■ ASSIGNMENT: Find the lines in these entries that include the word "orbT" and state how many there are, with no other words.

Collected data

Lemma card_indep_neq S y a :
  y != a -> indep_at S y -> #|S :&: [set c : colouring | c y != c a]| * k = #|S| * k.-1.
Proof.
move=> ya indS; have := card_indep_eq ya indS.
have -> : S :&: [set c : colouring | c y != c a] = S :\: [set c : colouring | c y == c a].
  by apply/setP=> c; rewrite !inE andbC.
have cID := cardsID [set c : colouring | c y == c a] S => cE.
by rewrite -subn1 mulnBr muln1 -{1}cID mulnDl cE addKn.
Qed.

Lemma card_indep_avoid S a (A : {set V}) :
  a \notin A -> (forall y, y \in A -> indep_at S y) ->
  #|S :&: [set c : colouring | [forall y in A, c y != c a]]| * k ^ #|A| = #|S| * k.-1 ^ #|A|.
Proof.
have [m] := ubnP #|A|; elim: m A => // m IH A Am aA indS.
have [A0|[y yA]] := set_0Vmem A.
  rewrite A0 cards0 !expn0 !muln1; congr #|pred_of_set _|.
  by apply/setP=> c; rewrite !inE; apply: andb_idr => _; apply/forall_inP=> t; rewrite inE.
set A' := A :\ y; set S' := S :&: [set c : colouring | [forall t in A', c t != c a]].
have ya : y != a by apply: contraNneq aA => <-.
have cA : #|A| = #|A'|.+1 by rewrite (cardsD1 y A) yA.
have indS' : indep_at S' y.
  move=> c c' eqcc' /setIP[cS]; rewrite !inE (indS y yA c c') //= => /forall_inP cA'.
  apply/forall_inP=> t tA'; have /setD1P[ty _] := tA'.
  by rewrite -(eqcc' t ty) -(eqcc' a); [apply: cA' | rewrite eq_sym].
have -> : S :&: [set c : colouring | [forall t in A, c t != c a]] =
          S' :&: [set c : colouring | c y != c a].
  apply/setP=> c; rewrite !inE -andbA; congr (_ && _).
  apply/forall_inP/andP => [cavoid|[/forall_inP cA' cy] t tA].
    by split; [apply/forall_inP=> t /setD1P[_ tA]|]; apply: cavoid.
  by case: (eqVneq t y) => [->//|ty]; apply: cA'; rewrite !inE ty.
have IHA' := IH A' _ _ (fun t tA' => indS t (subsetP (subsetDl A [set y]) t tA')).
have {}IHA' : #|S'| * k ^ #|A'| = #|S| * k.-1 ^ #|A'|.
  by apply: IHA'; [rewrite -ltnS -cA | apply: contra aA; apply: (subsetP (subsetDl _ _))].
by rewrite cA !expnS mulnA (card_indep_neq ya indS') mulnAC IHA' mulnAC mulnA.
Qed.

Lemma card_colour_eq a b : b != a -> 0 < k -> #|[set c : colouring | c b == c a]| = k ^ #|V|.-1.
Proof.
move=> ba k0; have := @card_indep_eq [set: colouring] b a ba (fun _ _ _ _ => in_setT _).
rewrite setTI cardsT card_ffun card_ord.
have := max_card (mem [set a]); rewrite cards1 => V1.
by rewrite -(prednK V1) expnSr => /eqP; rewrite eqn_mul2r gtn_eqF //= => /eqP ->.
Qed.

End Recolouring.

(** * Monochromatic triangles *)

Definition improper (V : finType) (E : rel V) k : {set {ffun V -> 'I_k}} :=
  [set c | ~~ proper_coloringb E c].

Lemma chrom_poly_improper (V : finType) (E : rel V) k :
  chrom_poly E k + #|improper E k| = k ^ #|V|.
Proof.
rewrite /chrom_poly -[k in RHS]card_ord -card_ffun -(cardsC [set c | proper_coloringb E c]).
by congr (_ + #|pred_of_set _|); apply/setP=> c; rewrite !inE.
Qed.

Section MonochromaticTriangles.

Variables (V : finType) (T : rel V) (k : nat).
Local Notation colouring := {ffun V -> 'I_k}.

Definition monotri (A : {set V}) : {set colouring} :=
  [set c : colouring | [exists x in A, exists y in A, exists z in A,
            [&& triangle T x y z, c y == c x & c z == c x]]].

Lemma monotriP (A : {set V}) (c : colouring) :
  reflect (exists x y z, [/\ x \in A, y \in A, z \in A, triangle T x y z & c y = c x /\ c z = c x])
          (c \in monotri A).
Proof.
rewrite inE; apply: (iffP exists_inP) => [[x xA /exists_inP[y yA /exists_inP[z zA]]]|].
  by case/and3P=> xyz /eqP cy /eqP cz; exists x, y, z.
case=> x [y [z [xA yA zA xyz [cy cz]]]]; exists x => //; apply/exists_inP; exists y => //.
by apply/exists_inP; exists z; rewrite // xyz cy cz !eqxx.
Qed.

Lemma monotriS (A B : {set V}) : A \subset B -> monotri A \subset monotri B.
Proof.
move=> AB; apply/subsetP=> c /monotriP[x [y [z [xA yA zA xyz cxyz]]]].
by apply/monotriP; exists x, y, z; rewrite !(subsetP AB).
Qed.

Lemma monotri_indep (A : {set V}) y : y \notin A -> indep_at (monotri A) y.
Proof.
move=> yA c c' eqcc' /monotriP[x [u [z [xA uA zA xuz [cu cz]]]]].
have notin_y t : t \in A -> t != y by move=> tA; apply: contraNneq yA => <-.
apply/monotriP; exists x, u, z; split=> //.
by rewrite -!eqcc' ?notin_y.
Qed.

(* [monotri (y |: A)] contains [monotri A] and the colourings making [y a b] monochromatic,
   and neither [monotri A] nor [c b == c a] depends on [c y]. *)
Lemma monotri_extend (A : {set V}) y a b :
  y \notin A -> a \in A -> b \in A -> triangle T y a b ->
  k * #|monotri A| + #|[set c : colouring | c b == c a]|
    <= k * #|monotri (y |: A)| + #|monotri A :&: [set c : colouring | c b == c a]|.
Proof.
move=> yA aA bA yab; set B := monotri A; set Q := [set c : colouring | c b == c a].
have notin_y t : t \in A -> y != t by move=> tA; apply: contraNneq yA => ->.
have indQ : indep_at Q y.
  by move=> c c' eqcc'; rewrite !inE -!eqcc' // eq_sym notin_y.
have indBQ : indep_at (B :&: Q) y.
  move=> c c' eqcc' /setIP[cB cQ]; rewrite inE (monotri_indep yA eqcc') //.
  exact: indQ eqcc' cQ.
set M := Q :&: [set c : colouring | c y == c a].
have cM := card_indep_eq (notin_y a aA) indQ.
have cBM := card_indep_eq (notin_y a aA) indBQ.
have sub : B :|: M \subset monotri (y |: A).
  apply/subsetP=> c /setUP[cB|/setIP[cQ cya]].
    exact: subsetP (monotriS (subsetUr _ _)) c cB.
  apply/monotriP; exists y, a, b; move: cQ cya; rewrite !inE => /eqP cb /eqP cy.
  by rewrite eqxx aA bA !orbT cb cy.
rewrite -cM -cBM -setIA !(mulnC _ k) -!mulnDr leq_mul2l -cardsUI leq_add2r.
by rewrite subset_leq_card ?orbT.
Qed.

■ WRITTEN RESPONSE: 2